Sometimes the critics latched on to a word or phrase that suggests a collective purpose or function, occasionally ironically, to make their case. Communications professor Robert Entman, for example, stated that we damaged our case by alleging that media coverage of the 1973 Paris accord on Vietnam 'was consciously "designed by the loyal media to serve the needs of state power"...which comes close to endorsing a conspiracy theory, which the authors explicitly disavow early on' (Entman 1990: 126). The word 'consciously' was Entman's, and he neglected numerous statements about the media's treatment of the Paris accord that didn't fit his effort to bring us 'close to' a conspiracy theory. To say that we 'disavow' a conspiracy theory is also misleading: we went to great pains to show that our view is closer to a free market model; we argued that the media comprise numerous independent entities that operate on the basis of common outlooks, incentives, and pressures from the market, government, and internal organizational forces.
The propaganda model explains media behavior and performance in structural terms, and intent is an unmeasurable red herring. All we know is that the media and journalists often mislead in tandem--some no doubt internalize a propaganda line as true, some may know it is false, but the point is unknowable and unimportant.
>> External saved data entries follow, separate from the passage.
Lemma lattice_coord_dist x y i : lattice M x -> lattice M y ->
  `|(lattice_coord x i ord0 - lattice_coord y i ord0)%:~R|
    <= (\sum_(k < n) \sum_(l < n) `|invmx M k l|) * enorm (x - y).
Proof.
move=> Lx Ly; rewrite intrB.
have coordE z : lattice M z -> (lattice_coord z i ord0)%:~R = (invmx M *m z) i ord0.
  by move=> Lz; rewrite -lattice_coordK // [RHS]mxE.
rewrite !coordE //.
have -> : (invmx M *m x) i ord0 - (invmx M *m y) i ord0 = (invmx M *m (x - y)) i ord0.
  by rewrite mulmxBr !mxE.
rewrite mxE; apply: le_trans (ler_norm_sum _ _ _) _.
apply: le_trans (_ : \sum_l `|invmx M i l| * enorm (x - y) <= _).
  apply: ler_sum => l _; rewrite normrM ler_wpM2l //; exact: ler_coord_enorm.
rewrite -mulr_suml ler_wpM2r ?enorm_ge0 // [leRHS](bigD1 i) //= lerDl.
by apply: sumr_ge0 => k _; apply: sumr_ge0.
Qed.

Lemma lattice_ball_size_bounded (rho : R) : exists K : nat,
  forall z (s : seq 'cV[R]_n), uniq s ->
    (forall x, x \in s -> lattice M x /\ enorm (x - z) < rho) -> (size s <= K)%N.
Proof.
pose c : R := \sum_(k < n) \sum_(l < n) `|invmx M k l|.
have c_ge0 : 0 <= c by apply: sumr_ge0 => k _; apply: sumr_ge0.
pose N := Num.Def.archi_bound (c * (2 * `|rho|)).
have cN : c * (2 * `|rho|) <= N%:R by apply/ltW/archi_boundP; rewrite !mulr_ge0.
exists #|{ffun 'I_n -> 'I_(N + N).+1}| => z [//|x0 s'] s_uniq s_ball.
set s := x0 :: s' in s_uniq s_ball *.
have [Lx0 x0z] := s_ball x0 (mem_head _ _).
have coord_close x i : x \in s ->
    0 <= lattice_coord x i ord0 - lattice_coord x0 i ord0 + N%:Z <= (N + N)%:Z.
  move=> /s_ball[Lx xz].
  have : `|lattice_coord x i ord0 - lattice_coord x0 i ord0| <= N%:Z.
    rewrite -(ler_int R) intr_norm; apply: le_trans (lattice_coord_dist i Lx Lx0) _.
    apply: le_trans cN; rewrite ler_wpM2l //.
    have := ler_edistD x z x0; rewrite [enorm (z - x0)]enorm_subC.
    have := ler_norm rho; lra.
  by rewrite ler_norml => /andP[? ?]; apply/andP; split; lia.
pose code x : {ffun 'I_n -> 'I_(N + N).+1} :=
  [ffun i => inord (absz (lattice_coord x i ord0 - lattice_coord x0 i ord0 + N%:Z))].
have code_inj : {in s &, injective code}.
  move=> x y xs ys /ffunP code_xy.
  have [[Lx _] [Ly _]] := (s_ball x xs, s_ball y ys).
  apply: lattice_coord_inj => //; apply/colP => i.
  change (lattice_coord x i ord0 = lattice_coord y i ord0).
  move: (code_xy i); rewrite !ffunE => /(congr1 (@nat_of_ord _)).
  have /andP[? ?] := coord_close x i xs; have /andP[? ?] := coord_close y i ys.
  by rewrite !inordK; lia.
rewrite -(size_map code) cardE; apply: uniq_leq_size => [|v _].
  by rewrite map_inj_in_uniq.
by rewrite mem_enum.
Qed.

End LatticePointsInBalls.

Lemma greedy_sparse_subseq (T : eqType) (Q : pred T) (near : rel T) (K : nat) :
    reflexive near -> symmetric near ->
    (forall t s, uniq s -> all Q s -> all (near t) s -> (size s <= K)%N) ->
  forall s, uniq s -> all Q s -> exists u : seq T,
    [/\ uniq u, {subset u <= s},
        {in u &, forall a b, a != b -> ~~ near a b} & (size s <= K * size u)%N].
Proof.
move=> near_refl near_sym near_bounded s.
elim: {s}(size s).+1 {-2}s (ltnSn (size s)) => // m IH [_ _ _|t s'].
  by exists [::].
set s := t :: s' => s_small s_uniq sQ.
set far := seq.filter (predC (near t)) s.
have t_far : t \notin far by rewrite mem_filter /= near_refl.
have far_sub : {subset far <= s} by move=> x; rewrite mem_filter => /andP[].
have far_small : (size far < m)%N.
  suff : (size far < size s)%N by move: s_small; lia.
  by rewrite size_filter /= near_refl add0n ltnS count_size.
have farQ : all Q far by apply/allP => x /far_sub; exact: (allP sQ).
have [u [u_uniq u_sub u_sparse u_size]] :=
  IH far far_small (filter_uniq _ s_uniq) farQ.
exists (t :: u); split.
- by rewrite /= u_uniq andbT; apply: contra t_far; exact: u_sub.
- by move=> x; rewrite inE => /predU1P[-> | /u_sub /far_sub]; rewrite ?mem_head.
- have far_t x : x \in u -> ~~ near t x by move=> /u_sub; rewrite mem_filter => /andP[].
  move=> a b; rewrite !inE => /predU1P[-> | au] /predU1P[-> | bu]; rewrite ?eqxx //.
  + by move=> _; exact: far_t.
  + by move=> _; rewrite near_sym; exact: far_t.
  + exact: u_sparse.
- rewrite -(count_predC (near t)) -!size_filter mulnS leq_add //.
  apply: near_bounded; [exact: filter_uniq | | exact: filter_all].
  by apply/allP => x; rewrite mem_filter => /andP[_ /(allP sQ)].
Qed.

Section HausdorffSeparated.
Variables (R : realType) (n : nat).
Implicit Types (s : nat) (X : set 'cV[R]_n).

Definition cover_cost s X : \bar R :=
  (unit_ball_vol R s * (fine (ediam X) / 2) ^+ s)%:E.

Lemma ediam_ge0 X : (0 <= ediam X)%E.
Proof. by apply: ereal_sup_ubound; left. Qed.

Lemma enorm_le_ediam X x y : X x -> X y -> ((enorm (x - y))%:E <= ediam X)%E.
Proof. by move=> Xx Xy; apply: ereal_sup_ubound; right; exists x => //; exists y. Qed.

Lemma ediam_set0 : ediam (set0 : set 'cV[R]_n) = 0%E.
Proof.
apply/le_anti; rewrite ediam_ge0 andbT.
by apply: ge_ereal_sup => _ [-> | [x []]].
Qed.

Lemma unit_ball_vol_ge0 k : 0 <= unit_ball_vol R k.
Proof.
suff : 0 <= unit_ball_vol R k /\ 0 <= unit_ball_vol R k.+1 by case.
elim: k => [|k [IH1 IH2]]; first by split.
by split=> //=; rewrite mulr_ge0 ?divr_ge0 ?mulr_ge0 ?pi_ge0.
Qed.

Lemma cover_cost_ge0 s X : (0 <= cover_cost s X)%E.
Proof.
rewrite lee_fin mulr_ge0 ?unit_ball_vol_ge0 // exprn_ge0 // divr_ge0 //.
exact/fine_ge0/ediam_ge0.
Qed.

Lemma cover_cost_set0 s : (0 < s)%N -> cover_cost s set0 = 0%E.
Proof.
by move=> s_gt0; rewrite /cover_cost ediam_set0 /= mul0r expr0n gtn_eqF // mulr0.
Qed.

Lemma le_hausdorff_delta s d1 d2 X : d1 <= d2 ->
  (hausdorff_delta s d2 X <= hausdorff_delta s d1 X)%E.
Proof.
move=> d12; apply: ereal_inf_le_tmp => _ [E [XE Ed1] <-]; exists E => //.
by split=> // i; apply: le_trans (Ed1 i) _; rewrite lee_fin.
Qed.

Lemma hausdorff_delta_le_hausdorff s d X : 0 < d ->
  (hausdorff_delta s d X <= hausdorff s X)%E.
Proof. by move=> d_gt0; apply: ereal_sup_ubound; exists d. Qed.

Section SeparatedFamily.
Variables (s : nat) (N : nat) (A : 'I_N -> set 'cV[R]_n) (B : set 'cV[R]_n).
Variable eta : R.
Hypothesis s_gt0 : (0 < s)%N.
Hypothesis AB : forall j, A j `<=` B.
Hypothesis A_sep : forall j k a b, j != k -> A j a -> A k b -> eta <= enorm (a - b).

(* A covering set of diameter [< eta] meets at most one [A j], so each cover
   of [B] splits into covers of the [A j] of no larger total cost. *)
Lemma hausdorff_delta_separated_sum_le d : d < eta ->
  (\sum_(j < N) hausdorff_delta s d (A j) <= hausdorff_delta s d B)%E.
Proof.
move=> d_lt_eta; apply: le_ereal_inf_tmp => _ [E [BE Ed] <-].
pose Ej j i := if `[< exists a, A j a /\ E i a >] then E i else set0.
have cover_Aj j :
    (hausdorff_delta s d (A j) <= \sum_(0 <= i <oo) cover_cost s (Ej j i))%E.
  apply: ereal_inf_lbound; exists (Ej j) => //; split.
    move=> a Aa; have [i _ Eia] := BE a (AB Aa).
    by exists i => //; rewrite /Ej asboolT //; exists a.
  move=> i; rewrite /Ej; case: asboolP => _; first exact: Ed.
  by rewrite ediam_set0 (le_trans (ediam_ge0 _) (Ed i)).
apply: le_trans (lee_sum _ (fun j _ => cover_Aj j)) _.
rewrite -nneseries_sum; last by move=> j i _; exact: cover_cost_ge0.
apply: lee_nneseries => [i _ _ | i _].
  by apply: sume_ge0 => j _; exact: cover_cost_ge0.
have [[j0 [a [Aa Ea]]] | E_misses] := pselect (exists j a, A j a /\ E i a).
  rewrite (bigD1 j0) //= big1 ?adde0; first by rewrite /Ej asboolT //; exists a.
  move=> j jj0; rewrite /Ej asboolF ?cover_cost_set0 // => -[b [Ab Eb]].
  have := le_trans (enorm_le_ediam Eb Ea) (Ed i); rewrite lee_fin => ab_le_d.
  have := lt_le_trans (le_lt_trans ab_le_d d_lt_eta) (A_sep jj0 Ab Aa).
  by rewrite ltxx.
rewrite big1; first exact: cover_cost_ge0.
move=> j _; rewrite /Ej asboolF ?cover_cost_set0 // => -[a aE].
by apply: E_misses; exists j, a.
Qed.

Lemma hausdorff_separated_ge c : 0 < eta ->
    (forall j, (c%:E <= hausdorff s (A j))%E) ->
  ((N%:R * c)%:E <= hausdorff s B)%E.
Proof.
move=> eta_gt0 Ac; apply/lee_addgt0Pr => e e_gt0.
set eps := e / (N%:R + 1).
have eps_gt0 : 0 < eps by rewrite divr_gt0 // ltr_wpDl.
have delta_j j : exists dj : R, 0 < dj /\ ((c - eps)%:E < hausdorff_delta s dj (A j))%E.
  have : ((c - eps)%:E < hausdorff s (A j))%E.
    by apply: lt_le_trans (Ac j); rewrite lte_fin ltrBlDr ltrDl.
  by move=> /ereal_sup_gt [_ [dj dj_gt0 <-] h]; exists dj.
have [dj Hdj] := choice delta_j.
set del := \big[Order.min/(eta / 2)]_(j < N) dj j.
have del_gt0 : 0 < del.
  apply/bigmin_gtP; split; first by rewrite divr_gt0.
  by move=> j _; case: (Hdj j).
have del_lt_eta : del < eta.
  by apply: le_lt_trans (bigmin_le_id _ _ _ _) _; rewrite ltr_pdivrMr //; lra.
have sum_le : ((N%:R * (c - eps))%:E <= hausdorff s B)%E.
  apply: le_trans (hausdorff_delta_le_hausdorff _ _ del_gt0).
  apply: le_trans (hausdorff_delta_separated_sum_le del_lt_eta).
  have -> : (N%:R * (c - eps))%:E = (\sum_(j < N) (c - eps)%:E)%E.
    by rewrite sumEFin sumr_const card_ord mulr_natl.
  apply: lee_sum => j _; apply: ltW; apply: lt_le_trans (proj2 (Hdj j)) _.
  by apply: le_hausdorff_delta; apply: bigmin_le.
apply: le_trans (leeD2r _ sum_le); rewrite -EFinD lee_fin.
have : N%:R * eps <= e by rewrite /eps mulrA ler_pdivrMr ?ltr_wpDl //; nra.
lra.
Qed.

End SeparatedFamily.

End HausdorffSeparated.

Section SeparatedPointsNearBoundary.
Variables (R : realType) (n : nat) (Om : set 'cV[R]_n) (kappa H r : R).
Hypothesis n_gt1 : (0 < n.-1)%N.
Hypothesis OmH : bdry_measure Om = H%:E.
Hypothesis Om_ahlfors : max_ahlfors_regular Om kappa.
Variable u : seq 'cV[R]_n.
Hypothesis u_uniq : uniq u.
Hypothesis u_near : forall a, a \in u -> exists2 y, bdry Om y & enorm (a - y) < r.
Hypothesis u_sep : {in u &, forall a b, a != b -> 3 * r <= enorm (a - b)}.

Lemma separated_near_bdry_size_le rho : 0 < rho -> rho <= r / 3 ->
    rho < H `^ (n.-1%:R)^-1 ->
  (size u)%:R * (kappa * rho ^+ n.-1) <= H.
Proof.
move=> rho_gt0 rho_le rho_lt.
pose pt (j : 'I_(size u)) := nth 0 u j.
have pt_u j : pt j \in u by exact: mem_nth.
have y_ex j : exists yj, bdry Om yj /\ enorm (pt j - yj) < r.
  by have [yj ? ?] := u_near (pt_u j); exists yj.
have [y y_near] := choice y_ex.
pose A j := bdry Om `&` eball (y j) rho.
rewrite -lee_fin -OmH; apply: (@hausdorff_separated_ge _ _ _ _ A _ rho) => //.
- by move=> j x [].
- move=> j k a b jk [_ Aa] [_ Ab]; rewrite /eball /= in Aa Ab.
  have := u_sep (pt_u j) (pt_u k); rewrite nth_uniq // => /(_ jk) pt_sep.
  have [[_ yj] [_ yk]] := (y_near j, y_near k).
  have := ler_edistD (pt j) (y j) (pt k); have := ler_edistD (y j) a (pt k).
  have := ler_edistD a b (pt k); have := ler_edistD b (y k) (pt k).
  rewrite [enorm (y j - a)]enorm_subC [enorm (y k - pt k)]enorm_subC; lra.
- move=> j; apply: Om_ahlfors => //; first by case: (y_near j).
  by rewrite OmH poweR_EFin lte_fin.
Qed.

Lemma separated_near_bdry_size_bound : 0 < r -> 0 < H ->
  (size u)%:R * kappa <= (3 / r) ^+ n.-1 * H + 2 ^+ n.-1.
Proof.
move=> r_gt0 H_gt0; set m := n.-1; set q := H `^ m%:R^-1.
have q_gt0 : 0 < q by rewrite powR_gt0.
have qm : q ^+ m = H.
  rewrite /q -powR_mulrn ?powR_ge0 // -powRrM mulVf ?powRr1 ?ltW //.
  by rewrite pnatr_eq0 -lt0n.
have C_ge0 : 0 <= (3 / r) ^+ m * H by rewrite mulr_ge0 ?exprn_ge0 ?divr_ge0 ?ltW.
have [q_large | q_small] := leP (r / 3) (q / 2).
  have r3_lt_q : r / 3 < q by lra.
  have := separated_near_bdry_size_le (divr_gt0 r_gt0 (ltr0Sn _ 2)) (lexx _) r3_lt_q.
  rewrite mulrA -ler_pdivlMr ?exprn_gt0 ?divr_gt0 // -exprVn invf_div.
  by move=> /le_trans; apply; rewrite mulrC lerDl exprn_ge0.
have q2_lt_q : q / 2 < q by lra.
have := separated_near_bdry_size_le (divr_gt0 q_gt0 (ltr0Sn _ 1)) (ltW q_small) q2_lt_q.
rewrite expr_div_n qm !mulrA ler_pdivrMr ?exprn_gt0 // [H * _]mulrC ler_pM2r //.
by move=> /le_trans; apply; rewrite lerDr.
Qed.

End SeparatedPointsNearBoundary.

Lemma counting_le_of_seq (T : choiceType) (R : realType) (A : set T) (b : R) :
    (forall s : seq T, uniq s -> (forall x, x \in s -> A x) -> (size s)%:R <= b) ->
  (counting A <= b%:E)%E.
Proof.
move=> size_le; rewrite /counting; case: asboolP => [A_fin | A_inf].
  rewrite lee_fin; apply: size_le; first exact: fset_uniq.
  by move=> x; rewrite in_fset_set // => /set_mem.
exfalso; have [B BA B_large] := infinite_set_fset (Num.Def.archi_bound `|b|) A_inf.
have := size_le B (fset_uniq B) BA; have := archi_boundP (normr_ge0 b).
have : (Num.Def.archi_bound `|b|)%:R <= #|` B|%:R :> R by rewrite ler_nat.
have := ler_norm b; lra.
Qed.

Section BoundaryLatticePoints.
Variables (R : realType) (n : nat) (M : 'M[R]_n) (r : R) (K : nat).
Hypothesis r_gt0 : 0 < r.
Hypothesis lattice_ball_le : forall z s, uniq s ->
  (forall x, x \in s -> lattice M x /\ enorm (x - z) < 3 * r) -> (size s <= K)%N.
Variables (Om : set 'cV[R]_n) (kappa H : R).
Hypothesis n_gt1 : (0 < n.-1)%N.
Hypothesis kappa_gt0 : 0 < kappa.
Hypothesis H_gt0 : 0 < H.
Hypothesis OmH : bdry_measure Om = H%:E.
Hypothesis Om_ahlfors : max_ahlfors_regular Om kappa.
Chomskian linguistics. Some of the criticisms of the propaganda model have been laughable. Carlin Romano, in his review in Tikkun, located the weakness of the model in Chomskian linguistic theories that allegedly view everything as rooted in deep structures (Romano 1989). He was unaware that the rooting of corporate behavior and performance in structure is the core of modern industrial organization analysis, that I had already used it in a 1981 book, Corporate Control, Corporate Power, and that I was mainly responsible for the chapter in Manufacturing Consent that presented the propaganda model. Of course, whether traceable to Chomskian linguistics or industrial organization theory, the substantive issues are: Are the assumptions plausible? Does the model work? But showing a possible esoteric origin is a form of putdown that suggests remoteness from and lack of touch with real media people.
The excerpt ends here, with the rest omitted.